# Work to be completed
Read through the entries below and return each line with the word "reals".

>>>>

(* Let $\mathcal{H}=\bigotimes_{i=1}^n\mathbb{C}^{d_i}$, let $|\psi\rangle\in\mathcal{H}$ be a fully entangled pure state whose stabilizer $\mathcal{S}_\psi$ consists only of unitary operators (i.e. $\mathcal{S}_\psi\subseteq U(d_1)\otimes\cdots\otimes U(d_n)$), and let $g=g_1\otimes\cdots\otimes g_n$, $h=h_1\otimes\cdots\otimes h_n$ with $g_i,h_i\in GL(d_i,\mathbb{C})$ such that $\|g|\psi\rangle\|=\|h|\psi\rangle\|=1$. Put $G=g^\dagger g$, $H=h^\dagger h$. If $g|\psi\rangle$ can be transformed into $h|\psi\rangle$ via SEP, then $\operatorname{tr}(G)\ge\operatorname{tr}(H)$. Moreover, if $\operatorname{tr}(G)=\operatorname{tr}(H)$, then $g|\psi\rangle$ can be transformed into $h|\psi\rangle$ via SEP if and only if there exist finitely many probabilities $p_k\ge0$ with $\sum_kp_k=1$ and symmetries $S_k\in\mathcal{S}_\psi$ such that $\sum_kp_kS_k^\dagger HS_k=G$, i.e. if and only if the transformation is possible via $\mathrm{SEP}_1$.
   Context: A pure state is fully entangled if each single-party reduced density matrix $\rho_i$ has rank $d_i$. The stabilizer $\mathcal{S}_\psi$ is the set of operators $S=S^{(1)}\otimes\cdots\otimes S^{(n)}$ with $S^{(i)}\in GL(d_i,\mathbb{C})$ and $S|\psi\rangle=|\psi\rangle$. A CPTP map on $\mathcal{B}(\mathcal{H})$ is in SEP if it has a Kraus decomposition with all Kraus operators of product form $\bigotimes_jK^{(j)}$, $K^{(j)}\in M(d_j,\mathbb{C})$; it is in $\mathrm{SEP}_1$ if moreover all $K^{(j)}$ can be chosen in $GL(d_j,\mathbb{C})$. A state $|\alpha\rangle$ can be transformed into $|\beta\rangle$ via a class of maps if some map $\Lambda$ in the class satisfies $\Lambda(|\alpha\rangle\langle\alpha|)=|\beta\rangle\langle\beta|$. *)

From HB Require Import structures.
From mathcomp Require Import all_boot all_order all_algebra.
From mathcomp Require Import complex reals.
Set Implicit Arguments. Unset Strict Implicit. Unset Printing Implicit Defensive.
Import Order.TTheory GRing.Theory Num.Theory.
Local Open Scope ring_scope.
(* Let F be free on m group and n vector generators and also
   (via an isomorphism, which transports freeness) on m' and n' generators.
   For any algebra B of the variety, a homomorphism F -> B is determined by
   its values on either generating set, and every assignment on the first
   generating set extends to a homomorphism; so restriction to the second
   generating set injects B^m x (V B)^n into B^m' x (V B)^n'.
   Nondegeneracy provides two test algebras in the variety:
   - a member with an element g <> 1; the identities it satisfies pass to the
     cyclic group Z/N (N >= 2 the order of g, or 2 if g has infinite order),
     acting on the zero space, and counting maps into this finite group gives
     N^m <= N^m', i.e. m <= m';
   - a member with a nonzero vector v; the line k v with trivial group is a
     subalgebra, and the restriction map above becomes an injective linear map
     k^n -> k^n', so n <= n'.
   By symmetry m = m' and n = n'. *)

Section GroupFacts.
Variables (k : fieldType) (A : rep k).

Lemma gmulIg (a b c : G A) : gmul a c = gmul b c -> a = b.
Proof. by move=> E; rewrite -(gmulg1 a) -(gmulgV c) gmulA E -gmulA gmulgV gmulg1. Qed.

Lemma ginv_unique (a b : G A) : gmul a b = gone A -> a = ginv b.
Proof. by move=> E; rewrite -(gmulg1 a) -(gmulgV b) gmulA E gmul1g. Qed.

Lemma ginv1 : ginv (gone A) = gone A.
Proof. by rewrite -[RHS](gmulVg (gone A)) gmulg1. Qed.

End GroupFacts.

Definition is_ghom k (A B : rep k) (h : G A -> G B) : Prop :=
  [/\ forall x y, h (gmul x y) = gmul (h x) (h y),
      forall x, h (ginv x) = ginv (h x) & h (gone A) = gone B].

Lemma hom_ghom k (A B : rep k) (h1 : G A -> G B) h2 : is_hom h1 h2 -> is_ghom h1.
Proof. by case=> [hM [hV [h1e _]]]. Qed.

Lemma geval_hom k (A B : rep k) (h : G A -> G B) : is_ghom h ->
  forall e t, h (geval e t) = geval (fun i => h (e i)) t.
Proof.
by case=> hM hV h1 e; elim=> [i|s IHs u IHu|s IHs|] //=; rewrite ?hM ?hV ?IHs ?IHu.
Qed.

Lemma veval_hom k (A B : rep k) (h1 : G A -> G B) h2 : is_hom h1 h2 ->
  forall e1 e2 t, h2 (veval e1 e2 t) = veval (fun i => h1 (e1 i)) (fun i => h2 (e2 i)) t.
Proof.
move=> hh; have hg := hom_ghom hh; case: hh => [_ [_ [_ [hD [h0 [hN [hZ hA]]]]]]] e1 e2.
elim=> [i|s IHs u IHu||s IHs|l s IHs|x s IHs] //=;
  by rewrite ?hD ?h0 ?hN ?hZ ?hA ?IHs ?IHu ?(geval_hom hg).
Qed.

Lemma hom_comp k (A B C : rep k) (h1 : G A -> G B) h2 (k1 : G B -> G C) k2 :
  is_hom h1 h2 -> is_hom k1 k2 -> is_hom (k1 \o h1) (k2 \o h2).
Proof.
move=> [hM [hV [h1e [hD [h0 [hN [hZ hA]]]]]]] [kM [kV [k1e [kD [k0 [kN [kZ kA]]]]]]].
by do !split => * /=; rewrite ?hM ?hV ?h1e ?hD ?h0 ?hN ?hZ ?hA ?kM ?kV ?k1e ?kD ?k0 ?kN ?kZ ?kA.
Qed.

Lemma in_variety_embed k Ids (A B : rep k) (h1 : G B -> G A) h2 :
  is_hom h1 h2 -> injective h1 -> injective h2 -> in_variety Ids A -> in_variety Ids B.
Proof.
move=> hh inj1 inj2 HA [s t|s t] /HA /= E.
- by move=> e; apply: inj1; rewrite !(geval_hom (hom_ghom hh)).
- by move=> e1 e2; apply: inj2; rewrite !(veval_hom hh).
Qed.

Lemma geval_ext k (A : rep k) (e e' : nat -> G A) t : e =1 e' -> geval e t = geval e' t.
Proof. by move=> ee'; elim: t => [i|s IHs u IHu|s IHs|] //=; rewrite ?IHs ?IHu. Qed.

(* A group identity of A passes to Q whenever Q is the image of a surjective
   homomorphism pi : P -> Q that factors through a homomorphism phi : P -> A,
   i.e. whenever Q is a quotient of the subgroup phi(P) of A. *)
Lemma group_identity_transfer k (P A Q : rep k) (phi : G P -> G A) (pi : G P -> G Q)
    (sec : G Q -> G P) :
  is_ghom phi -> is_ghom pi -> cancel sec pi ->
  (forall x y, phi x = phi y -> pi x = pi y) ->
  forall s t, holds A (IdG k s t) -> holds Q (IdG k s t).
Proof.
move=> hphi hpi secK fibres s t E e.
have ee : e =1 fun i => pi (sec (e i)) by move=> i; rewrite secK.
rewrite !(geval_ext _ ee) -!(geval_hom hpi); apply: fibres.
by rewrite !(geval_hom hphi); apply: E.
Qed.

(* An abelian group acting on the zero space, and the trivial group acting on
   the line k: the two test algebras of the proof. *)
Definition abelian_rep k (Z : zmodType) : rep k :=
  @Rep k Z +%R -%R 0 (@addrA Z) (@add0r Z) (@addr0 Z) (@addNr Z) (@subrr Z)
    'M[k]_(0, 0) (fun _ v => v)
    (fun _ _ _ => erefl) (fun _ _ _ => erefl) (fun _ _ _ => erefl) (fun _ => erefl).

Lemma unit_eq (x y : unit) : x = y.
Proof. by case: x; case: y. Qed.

<<<<
>>>>

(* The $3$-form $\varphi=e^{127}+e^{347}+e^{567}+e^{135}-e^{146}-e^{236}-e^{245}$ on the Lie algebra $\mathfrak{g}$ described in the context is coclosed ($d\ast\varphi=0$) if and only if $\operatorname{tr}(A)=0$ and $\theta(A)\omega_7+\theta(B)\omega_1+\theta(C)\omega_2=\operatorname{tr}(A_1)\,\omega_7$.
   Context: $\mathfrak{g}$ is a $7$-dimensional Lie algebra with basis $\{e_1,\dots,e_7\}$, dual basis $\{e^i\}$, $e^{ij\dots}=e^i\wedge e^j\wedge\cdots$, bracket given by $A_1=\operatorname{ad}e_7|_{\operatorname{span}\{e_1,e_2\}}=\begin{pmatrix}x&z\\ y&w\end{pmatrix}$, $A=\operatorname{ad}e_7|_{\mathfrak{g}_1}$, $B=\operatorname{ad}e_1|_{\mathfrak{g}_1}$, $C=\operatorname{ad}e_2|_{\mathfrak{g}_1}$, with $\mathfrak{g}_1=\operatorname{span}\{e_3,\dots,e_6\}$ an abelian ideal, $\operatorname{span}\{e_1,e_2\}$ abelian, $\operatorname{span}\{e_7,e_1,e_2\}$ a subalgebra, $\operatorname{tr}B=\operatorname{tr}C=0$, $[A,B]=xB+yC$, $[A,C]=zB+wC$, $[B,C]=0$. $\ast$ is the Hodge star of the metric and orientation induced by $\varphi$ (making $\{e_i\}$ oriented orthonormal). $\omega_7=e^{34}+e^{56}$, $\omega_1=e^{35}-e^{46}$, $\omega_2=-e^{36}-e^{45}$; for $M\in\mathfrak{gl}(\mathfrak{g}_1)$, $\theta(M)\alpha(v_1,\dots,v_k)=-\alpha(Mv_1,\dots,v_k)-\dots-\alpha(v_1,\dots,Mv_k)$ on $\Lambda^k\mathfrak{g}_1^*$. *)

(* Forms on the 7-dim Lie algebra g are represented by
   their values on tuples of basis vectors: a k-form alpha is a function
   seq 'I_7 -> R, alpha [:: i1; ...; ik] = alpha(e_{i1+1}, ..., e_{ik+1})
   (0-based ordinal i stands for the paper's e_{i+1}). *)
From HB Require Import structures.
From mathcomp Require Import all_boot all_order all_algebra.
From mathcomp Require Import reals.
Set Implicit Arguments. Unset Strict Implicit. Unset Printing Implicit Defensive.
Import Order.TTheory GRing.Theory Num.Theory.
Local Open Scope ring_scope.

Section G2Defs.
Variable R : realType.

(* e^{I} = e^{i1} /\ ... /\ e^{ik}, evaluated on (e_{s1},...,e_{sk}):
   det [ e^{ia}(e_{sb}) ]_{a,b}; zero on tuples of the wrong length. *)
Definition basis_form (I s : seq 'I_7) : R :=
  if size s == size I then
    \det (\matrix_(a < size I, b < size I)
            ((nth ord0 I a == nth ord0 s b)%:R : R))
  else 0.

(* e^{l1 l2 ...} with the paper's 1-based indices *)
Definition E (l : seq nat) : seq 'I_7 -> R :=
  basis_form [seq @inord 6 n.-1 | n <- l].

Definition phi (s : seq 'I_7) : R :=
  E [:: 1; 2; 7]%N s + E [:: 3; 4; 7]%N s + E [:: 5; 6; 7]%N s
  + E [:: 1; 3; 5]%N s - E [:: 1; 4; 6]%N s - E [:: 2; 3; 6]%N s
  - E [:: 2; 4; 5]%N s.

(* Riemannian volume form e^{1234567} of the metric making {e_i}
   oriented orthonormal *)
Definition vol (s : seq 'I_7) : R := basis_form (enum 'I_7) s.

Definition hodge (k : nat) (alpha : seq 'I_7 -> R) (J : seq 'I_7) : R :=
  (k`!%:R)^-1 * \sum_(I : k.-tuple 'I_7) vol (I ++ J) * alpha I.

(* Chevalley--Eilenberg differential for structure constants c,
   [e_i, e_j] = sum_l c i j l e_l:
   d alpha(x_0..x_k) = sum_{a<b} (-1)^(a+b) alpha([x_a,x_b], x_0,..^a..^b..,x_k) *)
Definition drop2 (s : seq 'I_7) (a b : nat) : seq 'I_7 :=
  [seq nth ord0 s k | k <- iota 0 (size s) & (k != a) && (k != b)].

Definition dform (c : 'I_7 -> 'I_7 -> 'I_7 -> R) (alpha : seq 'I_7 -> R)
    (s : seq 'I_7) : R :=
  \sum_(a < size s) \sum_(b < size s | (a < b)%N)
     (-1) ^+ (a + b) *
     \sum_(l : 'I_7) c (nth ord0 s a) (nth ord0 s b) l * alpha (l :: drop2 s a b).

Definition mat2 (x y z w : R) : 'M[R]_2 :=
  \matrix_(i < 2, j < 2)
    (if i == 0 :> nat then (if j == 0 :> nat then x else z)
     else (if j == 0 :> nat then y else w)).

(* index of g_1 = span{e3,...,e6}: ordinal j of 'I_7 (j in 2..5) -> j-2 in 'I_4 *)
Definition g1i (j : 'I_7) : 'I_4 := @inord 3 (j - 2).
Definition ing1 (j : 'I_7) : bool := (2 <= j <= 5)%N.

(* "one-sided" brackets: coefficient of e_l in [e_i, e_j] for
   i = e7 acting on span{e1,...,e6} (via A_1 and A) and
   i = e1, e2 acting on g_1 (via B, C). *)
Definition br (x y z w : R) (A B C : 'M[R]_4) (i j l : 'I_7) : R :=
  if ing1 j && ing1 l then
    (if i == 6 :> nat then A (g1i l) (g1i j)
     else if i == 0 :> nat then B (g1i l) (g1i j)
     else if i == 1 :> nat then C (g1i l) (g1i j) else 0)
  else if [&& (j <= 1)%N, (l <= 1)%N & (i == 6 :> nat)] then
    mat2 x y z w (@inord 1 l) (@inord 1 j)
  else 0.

<<<<
>>>>

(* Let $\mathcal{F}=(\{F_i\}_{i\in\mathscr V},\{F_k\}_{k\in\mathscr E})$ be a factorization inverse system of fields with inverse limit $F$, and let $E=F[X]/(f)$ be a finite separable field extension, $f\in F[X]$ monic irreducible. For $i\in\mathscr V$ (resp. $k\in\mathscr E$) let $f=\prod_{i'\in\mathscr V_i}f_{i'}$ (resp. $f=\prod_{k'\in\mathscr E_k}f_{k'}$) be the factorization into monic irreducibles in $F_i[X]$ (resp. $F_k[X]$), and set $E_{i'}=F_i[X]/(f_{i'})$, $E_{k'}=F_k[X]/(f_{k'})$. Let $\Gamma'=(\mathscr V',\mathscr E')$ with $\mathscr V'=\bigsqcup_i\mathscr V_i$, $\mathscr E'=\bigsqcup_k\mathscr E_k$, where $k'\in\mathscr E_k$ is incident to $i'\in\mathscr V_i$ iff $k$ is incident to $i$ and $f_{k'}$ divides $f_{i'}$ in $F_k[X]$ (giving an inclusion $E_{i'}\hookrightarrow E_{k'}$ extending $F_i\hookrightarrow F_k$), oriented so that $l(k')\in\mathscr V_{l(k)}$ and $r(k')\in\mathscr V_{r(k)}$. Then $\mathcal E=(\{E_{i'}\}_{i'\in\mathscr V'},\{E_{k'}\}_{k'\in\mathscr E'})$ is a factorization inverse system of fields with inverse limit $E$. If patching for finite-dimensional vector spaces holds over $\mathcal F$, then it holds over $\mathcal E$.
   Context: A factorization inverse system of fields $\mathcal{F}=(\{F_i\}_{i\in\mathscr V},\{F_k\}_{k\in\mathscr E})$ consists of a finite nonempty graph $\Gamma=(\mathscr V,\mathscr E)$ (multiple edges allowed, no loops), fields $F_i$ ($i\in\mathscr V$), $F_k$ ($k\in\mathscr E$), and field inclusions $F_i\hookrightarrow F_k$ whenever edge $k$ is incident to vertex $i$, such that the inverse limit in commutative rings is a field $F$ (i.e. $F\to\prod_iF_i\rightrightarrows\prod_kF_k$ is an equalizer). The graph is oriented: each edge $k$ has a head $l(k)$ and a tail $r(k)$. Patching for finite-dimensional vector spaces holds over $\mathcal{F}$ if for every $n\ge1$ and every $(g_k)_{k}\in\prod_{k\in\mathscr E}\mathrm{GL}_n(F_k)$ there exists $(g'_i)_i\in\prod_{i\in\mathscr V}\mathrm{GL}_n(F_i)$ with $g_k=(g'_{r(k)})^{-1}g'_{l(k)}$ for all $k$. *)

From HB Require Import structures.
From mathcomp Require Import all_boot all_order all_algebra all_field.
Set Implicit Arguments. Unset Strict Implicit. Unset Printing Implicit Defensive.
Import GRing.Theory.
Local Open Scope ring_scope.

<<<<

# Solution to the exercise
From mathcomp Require Import complex reals.
From mathcomp Require Import reals.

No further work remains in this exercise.